今日紹介するマウス遺伝解析のメッカ・ジャクソン研究所からの論文はオーソドックスな手法を用いてマウスGDF5調節領域を特定した上で、ヒトのSNPと対応させて、因果関係がはっきりしたSNPを特定しようとした研究でNature Geneticsオンライン版に掲載された。タイトルは「Ancient selection for derived alleles at a GDF5 enhancer influencing human growth and osteoarthritis risk(ヒトの成長と変形性関節炎のリスクに影響するGDF5遺伝子座は人類史の初期から選択されてきた)」だ。

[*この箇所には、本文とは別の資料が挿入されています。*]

(* Let $\gamma$ be a smooth, convex closed curve in the Euclidean plane with curvature $\kappa>0$, which is a Gutkin curve with contact angle $\alpha$, and let $x(t),y(t)$ be the corresponding chord parameterizations, where $x,y$ denote arc-length coordinates on $\gamma$ and $'$ denotes $d/dt$. Then along this family of chords $\kappa(x(t))\,x'(t)=\kappa(y(t))\,y'(t)$; equivalently, if the parameter $t$ is chosen so that $x'(t)=a/\kappa(x(t))$ for a constant $a$, then also $y'(t)=a/\kappa(y(t))$, so that the values of this parameter at the two endpoints of each chord differ by a constant.
   Context: A smooth convex oriented closed curve $C$ in $\mathbb{E}^2$ is a Gutkin curve with contact angle $\alpha\in(0,\pi]$ if there are parameterizations $x(t),y(t)$ of $C$ with $x'(t),y'(t)>0$, $x(t)\neq y(t)$, such that for every $t$ the angle at $x(t)$ between the positively oriented tangent of $C$ and the chord direction towards $y(t)$, and the angle at $y(t)$ between the chord direction (from $x(t)$ towards $y(t)$) and the positively oriented tangent of $C$, both equal $\alpha$. *)

From Stdlib Require Import Reals Lra.
From Coquelicot Require Import Coquelicot.
Open Scope R_scope.

(* A plane curve is given by its two coordinate functions g1 g2 : R -> R. *)

Definition smooth (f : R -> R) : Prop := forall (n : nat) (s : R), ex_derive_n f n s.

Definition unit_speed (g1 g2 : R -> R) : Prop :=
  forall s, (Derive g1 s) ^ 2 + (Derive g2 s) ^ 2 = 1.

Definition closed_simple (g1 g2 : R -> R) (L : R) : Prop :=
  0 < L /\
  (forall s, g1 (s + L) = g1 s /\ g2 (s + L) = g2 s) /\
  (forall s u, 0 <= s < L -> 0 <= u < L -> g1 s = g1 u -> g2 s = g2 u -> s = u).

Definition det2 (a1 a2 b1 b2 : R) : R := a1 * b2 - a2 * b1.

(* convexity: the whole curve lies on one side of each tangent line *)
Definition convex_curve (g1 g2 : R -> R) : Prop :=
  forall s,
    (forall u, 0 <= det2 (Derive g1 s) (Derive g2 s) (g1 u - g1 s) (g2 u - g2 s)) \/
    (forall u, det2 (Derive g1 s) (Derive g2 s) (g1 u - g1 s) (g2 u - g2 s) <= 0).

(* signed curvature of an arc-length parameterized curve *)
Definition curvature (g1 g2 : R -> R) (s : R) : R :=
  Derive g1 s * Derive_n g2 2 s - Derive g2 s * Derive_n g1 2 s.

(* (unoriented) angle in [0, pi] between two nonzero plane vectors *)
Definition angle (a1 a2 b1 b2 : R) : R :=
  acos ((a1 * b1 + a2 * b2) / (sqrt (a1 ^ 2 + a2 ^ 2) * sqrt (b1 ^ 2 + b2 ^ 2))).

(* Gutkin curve with contact angle alpha, witnessed by the arc-length
   parameterizations x, y of the chord endpoints *)
Definition gutkin_chords (g1 g2 : R -> R) (alpha : R) (x y : R -> R) : Prop :=
  (forall t, ex_derive x t /\ 0 < Derive x t) /\
  (forall t, ex_derive y t /\ 0 < Derive y t) /\
  (forall s, exists t, g1 (x t) = g1 s /\ g2 (x t) = g2 s) /\
  (forall s, exists t, g1 (y t) = g1 s /\ g2 (y t) = g2 s) /\
  (forall t,
     let p1 := g1 (x t) in let p2 := g2 (x t) in
     let q1 := g1 (y t) in let q2 := g2 (y t) in
     (p1, p2) <> (q1, q2) /\
     angle (Derive g1 (x t)) (Derive g2 (x t)) (q1 - p1) (q2 - p2) = alpha /\
     angle (q1 - p1) (q2 - p2) (Derive g1 (y t)) (Derive g2 (y t)) = alpha).

From Stdlib Require Import Reals Lra.
From Coquelicot Require Import Coquelicot.
Open Scope R_scope.

(* Positive curvature and convexity put the curve on the left of every
   tangent, so each chord makes the oriented angle alpha with the tangent at
   x(t) and the tangent at y(t) makes the oriented angle alpha with the chord:
   the unit tangent at y(t) is the one at x(t) rotated by 2 alpha.
   Differentiating this identity in t, and using that the curvature is
   det(T, dT/ds) and that rotations preserve determinants, gives
   kappa(y) y' = kappa(x) x'. *)

Lemma is_derive_Derive_smooth (g : R -> R) (s : R) :
  smooth g -> is_derive (Derive g) s (Derive_n g 2 s).
Proof. intros Hg. apply (Derive_correct (Derive_n g 1)). exact (Hg 2%nat s). Qed.

Lemma is_derive_pos_right (f : R -> R) (s l : R) :
  is_derive f s l -> f s = 0 -> 0 < l ->
  exists d, 0 < d /\ forall v, s < v < s + d -> 0 < f v.
Proof.
  intros Hl Hfs Hl0.
  apply is_derive_Reals in Hl.
  destruct (Hl l Hl0) as [[d Hd0] Hd].
  exists d; split; [exact Hd0|]. intros v Hv.
  specialize (Hd (v - s)). replace (s + (v - s)) with v in Hd by ring.
  rewrite Hfs in Hd.
  assert (Hslope : 0 < (f v - 0) / (v - s)).
  { apply Rabs_def2 in Hd as [_ Hd]; [lra|lra|simpl; rewrite Rabs_right; lra]. }
  replace (f v) with ((f v - 0) / (v - s) * (v - s)) by (field; lra).
  apply Rmult_lt_0_compat; lra.
Qed.

Lemma exists_pos_of_second_derivative (f f' : R -> R) (s l : R) :
  (forall v, is_derive f v (f' v)) -> f s = 0 -> f' s = 0 ->
  is_derive f' s l -> 0 < l -> exists v, 0 < f v.
Proof.
  intros Hf Hfs Hf's Hl Hl0.
  destruct (is_derive_pos_right f' s l Hl Hf's Hl0) as [d [Hd Hpos]].
  exists (s + d / 2).
  destruct (MVT_cor2 f f' s (s + d / 2)) as [c [Hmvt Hc]]; [lra| |].
  - intros c _. apply is_derive_Reals, Hf.
  - assert (0 < f' c) by (apply Hpos; lra).
    rewrite Hfs in Hmvt. nra.
Qed.

(* On the wrong side, det2 (T s) (g u - g s) would vanish to second order at
   [u = s] with second derivative [curvature s > 0], hence be positive somewhere. *)
Lemma convex_curve_det_nonneg (g1 g2 : R -> R) :
  smooth g1 -> smooth g2 -> convex_curve g1 g2 ->
  (forall s, 0 < curvature g1 g2 s) ->
  forall s u, 0 <= det2 (Derive g1 s) (Derive g2 s) (g1 u - g1 s) (g2 u - g2 s).
Proof.
  intros S1 S2 Hconv Hk s.
  destruct (Hconv s) as [Hleft|Hright]; [exact Hleft|exfalso].
  destruct (exists_pos_of_second_derivative
     (fun u => det2 (Derive g1 s) (Derive g2 s) (g1 u - g1 s) (g2 u - g2 s))
     (fun u => det2 (Derive g1 s) (Derive g2 s) (Derive g1 u) (Derive g2 u))
     s (curvature g1 g2 s)) as [u Hu]; unfold det2 in *.
  - intros v. auto_derive.
    + split; [apply (S2 1%nat)|split; [apply (S1 1%nat)|exact I]].
    + rewrite !Rmult_1_l. reflexivity.
  - ring.
  - ring.
  - exact (is_derive_minus _ _ s _ _
      (is_derive_scal _ _ _ _ (is_derive_Derive_smooth g2 s S2))
      (is_derive_scal _ _ _ _ (is_derive_Derive_smooth g1 s S1))).
  - apply Hk.
  - specialize (Hright u). lra.
Qed.

Lemma angle_cos_sin (a1 a2 b1 b2 : R) :
  0 < a1 ^ 2 + a2 ^ 2 -> 0 < b1 ^ 2 + b2 ^ 2 -> 0 <= det2 a1 a2 b1 b2 ->
  let r := sqrt (a1 ^ 2 + a2 ^ 2) * sqrt (b1 ^ 2 + b2 ^ 2) in
  a1 * b1 + a2 * b2 = r * cos (angle a1 a2 b1 b2) /\
  det2 a1 a2 b1 b2 = r * sin (angle a1 a2 b1 b2).
Proof.
  intros Ha Hb Hdet r.
  assert (Hr : 0 < r) by (apply Rmult_lt_0_compat; apply sqrt_lt_R0; lra).
  assert (Hr2 : r ^ 2 = (a1 ^ 2 + a2 ^ 2) * (b1 ^ 2 + b2 ^ 2)).
  { unfold r. rewrite Rpow_mult_distr, !pow2_sqrt; lra. }
  assert (Hlagrange : (a1 * b1 + a2 * b2) ^ 2 + det2 a1 a2 b1 b2 ^ 2 = r ^ 2)
    by (rewrite Hr2; unfold det2; ring).
  set (v := (a1 * b1 + a2 * b2) / r).
  assert (Hdot : a1 * b1 + a2 * b2 = r * v) by (unfold v; field; lra).
  assert (Hv : -1 <= v <= 1).
  { assert (Hv2 : r ^ 2 * v ^ 2 <= r ^ 2 * 1) by (rewrite Hdot in Hlagrange; nra).
    apply Rmult_le_reg_l in Hv2; [split; nra|nra]. }
  assert (Hcos : cos (angle a1 a2 b1 b2) = v) by (apply cos_acos, Hv).
  assert (Hsin : 0 <= sin (angle a1 a2 b1 b2))
    by (destruct (acos_bound v); apply sin_ge_0; assumption).
  assert (Hpyth := sin2_cos2 (angle a1 a2 b1 b2)). unfold Rsqr in Hpyth.
  rewrite Hcos in Hpyth |- *. split; [exact Hdot|].
  assert (Hsq : det2 a1 a2 b1 b2 ^ 2 = (r * sin (angle a1 a2 b1 b2)) ^ 2).
  { replace ((r * sin (angle a1 a2 b1 b2)) ^ 2)
      with (r ^ 2 * (sin (angle a1 a2 b1 b2) * sin (angle a1 a2 b1 b2))) by ring.
    replace (sin (angle a1 a2 b1 b2) * sin (angle a1 a2 b1 b2)) with (1 - v * v) by lra.
    rewrite Hdot in Hlagrange.
    transitivity (r ^ 2 - (r * v) ^ 2); [lra|ring]. }
  apply Rsqr_inj; [exact Hdet|nra|rewrite !Rsqr_pow2; exact Hsq].
Qed.

Definition rotated_by (theta a1 a2 b1 b2 : R) : Prop :=
  b1 = cos theta * a1 - sin theta * a2 /\ b2 = sin theta * a1 + cos theta * a2.

Lemma rotated_twice (a1 a2 b1 b2 c1 c2 r theta : R) :
  0 < r -> a1 ^ 2 + a2 ^ 2 = 1 -> c1 ^ 2 + c2 ^ 2 = r ^ 2 ->
  a1 * c1 + a2 * c2 = r * cos theta -> det2 a1 a2 c1 c2 = r * sin theta ->
  c1 * b1 + c2 * b2 = r * cos theta -> det2 c1 c2 b1 b2 = r * sin theta ->
  rotated_by (2 * theta) a1 a2 b1 b2.
Proof.
  unfold det2. intros Hr Ha Hc Hac Hdac Hcb Hdcb.
  (* a plane vector is recovered from its dot and cross products with a known vector *)
  assert (Ec1 : c1 * (a1 ^ 2 + a2 ^ 2) = (a1 * c1 + a2 * c2) * a1 - (a1 * c2 - a2 * c1) * a2)
    by ring.
  assert (Ec2 : c2 * (a1 ^ 2 + a2 ^ 2) = (a1 * c2 - a2 * c1) * a1 + (a1 * c1 + a2 * c2) * a2)
    by ring.
  assert (Eb1 : b1 * (c1 ^ 2 + c2 ^ 2) = (c1 * b1 + c2 * b2) * c1 - (c1 * b2 - c2 * b1) * c2)
    by ring.
  assert (Eb2 : b2 * (c1 ^ 2 + c2 ^ 2) = (c1 * b2 - c2 * b1) * c1 + (c1 * b1 + c2 * b2) * c2)
    by ring.
  rewrite Ha, Hac, Hdac, Rmult_1_r in Ec1, Ec2.
  rewrite Hc, Hcb, Hdcb, Ec1, Ec2 in Eb1, Eb2.
  assert (Hr2 : r ^ 2 <> 0) by (apply pow_nonzero; lra).
  unfold rotated_by. rewrite cos_2a, sin_2a.
  split; apply (Rmult_eq_reg_r (r ^ 2)); try exact Hr2; [rewrite Eb1|rewrite Eb2]; ring.
Qed.

Lemma gutkin_tangent_rotation (g1 g2 : R -> R) (alpha : R) (x y : R -> R) :
  smooth g1 -> smooth g2 -> unit_speed g1 g2 -> convex_curve g1 g2 ->
  (forall s, 0 < curvature g1 g2 s) -> gutkin_chords g1 g2 alpha x y ->
  forall t, rotated_by (2 * alpha)
    (Derive g1 (x t)) (Derive g2 (x t)) (Derive g1 (y t)) (Derive g2 (y t)).
Proof.
  intros S1 S2 Hu Hconv Hk [_ [_ [_ [_ Hchord]]]] t.
  destruct (Hchord t) as [Hne [Hang_x Hang_y]].
  assert (Hdet_x := convex_curve_det_nonneg g1 g2 S1 S2 Hconv Hk (x t) (y t)).
  assert (Hdet_y := convex_curve_det_nonneg g1 g2 S1 S2 Hconv Hk (y t) (x t)).
  set (a1 := Derive g1 (x t)) in *. set (a2 := Derive g2 (x t)) in *.
  set (b1 := Derive g1 (y t)) in *. set (b2 := Derive g2 (y t)) in *.
  set (c1 := g1 (y t) - g1 (x t)) in *. set (c2 := g2 (y t) - g2 (x t)) in *.
  assert (Ha : a1 ^ 2 + a2 ^ 2 = 1) by apply Hu.
  assert (Hb : b1 ^ 2 + b2 ^ 2 = 1) by apply Hu.
  assert (Hc : 0 < c1 ^ 2 + c2 ^ 2).
  { destruct (Req_dec c1 0) as [e1|e1]; [destruct (Req_dec c2 0) as [e2|e2]|].
    - exfalso. apply Hne. unfold c1, c2 in *. f_equal; lra.
    - assert (0 < c2 ^ 2) by (apply pow2_gt_0; exact e2). nra.
    - assert (0 < c1 ^ 2) by (apply pow2_gt_0; exact e1). nra. }
  assert (Hdet_y' : 0 <= det2 c1 c2 b1 b2)
    by (unfold det2 in *; unfold c1, c2; lra).
  destruct (angle_cos_sin a1 a2 c1 c2) as [Hdot_x Hcross_x]; try lra.
  destruct (angle_cos_sin c1 c2 b1 b2) as [Hdot_y Hcross_y]; try lra.
  rewrite Ha, Hb, sqrt_1, ?Rmult_1_l, ?Rmult_1_r in *.
  rewrite Hang_x in Hdot_x, Hcross_x. rewrite Hang_y in Hdot_y, Hcross_y.
  apply (rotated_twice a1 a2 b1 b2 c1 c2 (sqrt (c1 ^ 2 + c2 ^ 2))); try assumption.
  - apply sqrt_lt_R0; lra.
  - rewrite pow2_sqrt; lra.
Qed.

Lemma is_derive_Derive_comp (g x : R -> R) (t : R) :
  smooth g -> ex_derive x t ->
  is_derive (fun u => Derive g (x u)) t (Derive x t * Derive_n g 2 (x t)).
Proof.
  intros Hg Hx. apply (is_derive_comp (Derive g) x t).
  - apply is_derive_Derive_smooth, Hg.
  - apply Derive_correct, Hx.
Qed.

Lemma Derive_rotated_Derive_comp (g1 g2 x : R -> R) (theta t : R) :
  smooth g1 -> smooth g2 -> ex_derive x t ->
  rotated_by theta (Derive x t * Derive_n g1 2 (x t)) (Derive x t * Derive_n g2 2 (x t))
    (Derive (fun u => cos theta * Derive g1 (x u) - sin theta * Derive g2 (x u)) t)
    (Derive (fun u => sin theta * Derive g1 (x u) + cos theta * Derive g2 (x u)) t).
Proof.
  intros S1 S2 Hx.
  assert (D1 := is_derive_Derive_comp g1 x t S1 Hx).
  assert (D2 := is_derive_Derive_comp g2 x t S2 Hx).
  split; apply is_derive_unique.
  - exact (is_derive_minus _ _ t _ _ (is_derive_scal _ _ _ _ D1) (is_derive_scal _ _ _ _ D2)).
  - exact (is_derive_plus _ _ t _ _ (is_derive_scal _ _ _ _ D1) (is_derive_scal _ _ _ _ D2)).
Qed.

(* Differentiating T(y t) = R_theta T(x t): the rotation commutes with d/dt and
   preserves det2, and curvature is det2 (T, T'). *)
Lemma curvature_Derive_rotated_tangents (g1 g2 x y : R -> R) (theta : R) :
  smooth g1 -> smooth g2 ->
  (forall t, ex_derive x t) -> (forall t, ex_derive y t) ->
  (forall t, rotated_by theta
     (Derive g1 (x t)) (Derive g2 (x t)) (Derive g1 (y t)) (Derive g2 (y t))) ->
  forall t, curvature g1 g2 (x t) * Derive x t = curvature g1 g2 (y t) * Derive y t.
Proof.
  intros S1 S2 Hx Hy Hrot t.
  destruct (Derive_rotated_Derive_comp g1 g2 x theta t S1 S2 (Hx t)) as [Hd1 Hd2].
  assert (Hy1 : Derive y t * Derive_n g1 2 (y t) =
                Derive (fun u => cos theta * Derive g1 (x u) - sin theta * Derive g2 (x u)) t).
  { rewrite <- (is_derive_unique _ _ _ (is_derive_Derive_comp g1 y t S1 (Hy t))).
    apply Derive_ext. intros u. apply Hrot. }
  assert (Hy2 : Derive y t * Derive_n g2 2 (y t) =
                Derive (fun u => sin theta * Derive g1 (x u) + cos theta * Derive g2 (x u)) t).
  { rewrite <- (is_derive_unique _ _ _ (is_derive_Derive_comp g2 y t S2 (Hy t))).
    apply Derive_ext. intros u. apply Hrot. }
  destruct (Hrot t) as [Hr1 Hr2].
  assert (Hpyth := sin2_cos2 theta). unfold Rsqr in Hpyth.
  unfold curvature.
  transitivity (Derive g1 (y t) * (Derive y t * Derive_n g2 2 (y t))
              - Derive g2 (y t) * (Derive y t * Derive_n g1 2 (y t))); [|ring].
  rewrite Hy1, Hy2, Hd1, Hd2, Hr1, Hr2.
  transitivity ((sin theta * sin theta + cos theta * cos theta) *
    ((Derive g1 (x t) * Derive_n g2 2 (x t) - Derive g2 (x t) * Derive_n g1 2 (x t))
     * Derive x t)); [rewrite Hpyth; ring|ring].
Qed.

Theorem mainTheorem3 (g1 g2 : R -> R) (L alpha : R) (x y : R -> R) :
  smooth g1 -> smooth g2 ->
  unit_speed g1 g2 ->
  closed_simple g1 g2 L ->
  convex_curve g1 g2 ->
  (forall s, 0 < curvature g1 g2 s) ->
  0 < alpha <= PI ->
  gutkin_chords g1 g2 alpha x y ->
  (forall t, curvature g1 g2 (x t) * Derive x t = curvature g1 g2 (y t) * Derive y t) /\
  (forall a : R,
     (forall t, Derive x t = a / curvature g1 g2 (x t)) ->
     forall t, Derive y t = a / curvature g1 g2 (y t)).
Proof.
  intros S1 S2 Hu _ Hconv Hk _ Hgut.
  assert (Hkx : forall t,
    curvature g1 g2 (x t) * Derive x t = curvature g1 g2 (y t) * Derive y t).
  { pose proof Hgut as [Hx [Hy _]].
    apply (curvature_Derive_rotated_tangents g1 g2 x y (2 * alpha) S1 S2).
    - apply Hx.
    - apply Hy.
    - exact (gutkin_tangent_rotation g1 g2 alpha x y S1 S2 Hu Hconv Hk Hgut). }
  split; [exact Hkx|].
  intros a Hxa t.
  assert (Hky_pos := Hk (y t)). assert (Hkx_pos := Hk (x t)).
  specialize (Hkx t). rewrite Hxa in Hkx.
  apply (Rmult_eq_reg_l (curvature g1 g2 (y t))); [|lra].
  rewrite <- Hkx. field. lra.
Qed.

この研究ではGDF5上流、下流の大きな領域をカバーするBACベクターをマウス受精卵に注射する方法で、骨発生過程でGDF5遺伝子発現を調節する領域を探索し、これまでの結果とは全く異なる、GDF5遺伝子下流に強い調節領域が存在することを特定している。さらにこの発見を機能的に確かめるため、GDF5ノックアウトマウスに異なる発現調節領域で支配されるGDF5遺伝子を導入する実験により、確かに上流調節領域ではなく、下流調節領域に支配されるGDF5を入れたときだけ完全なレスキューが可能であることを示している。
後は下流調節領域を絞り込むため、トランスジェニックマウスを使ったスクリーニングを行い、GROW1A,Bと名付けた2領域を特定している。
次に、GROW1領域に対応するヒトゲノム領域をデータベースから調べ、GROW1B内に頻度の高い2種類(アデニンとグアニン)のSNPが存在することを発見する。圧巻は、それぞれのSNPを持つ調節領域をもつトランスジェニックマウスを作成し、アデニン型のSNPのほうが遺伝子発現量が低いことを示している。
こうして遺伝子発現量という因果関係をはっきりさせたSNPについて全世界のヒトゲノムを調べ、発現量が低いアデニン型はアジアや中米に多く分布し、日本人もそれに入ること、一方発現量の高いグアニン型は南部アフリカ(なんと今旅行に来ている)の部族に多く分布することを示している。さらに、ネアンデルタール人やデニソーワ人などの古代人類もアデニン型を持っていることも明らかにし、人類進化と対応付けているが詳細は省く。
SNPと遺伝子発現の因果関係がはっきりしているとはいえ、この部位がどこまで人類の骨格の多様性に関わってきたかはまだよくわからない。インカや南アジアに100%アデニン型が分布している民族があることから、間違いなく影響していると思うが、このSNP一つで全てが決まっていないことも確かだ。今後変形性関節炎と絡めてさらに研究を進める必要があるだろう。
いずれにせよ、これまで進めれらてきたマウスでの研究が、そのままヒトの遺伝子研究を助けるいい例だと思って紹介した。
アフリカで、しかもを旅行をしながら、このような最新の論文が読めるというのは、すごい時代になったのですね。
しかし、完全にリラックスできないのも問題です。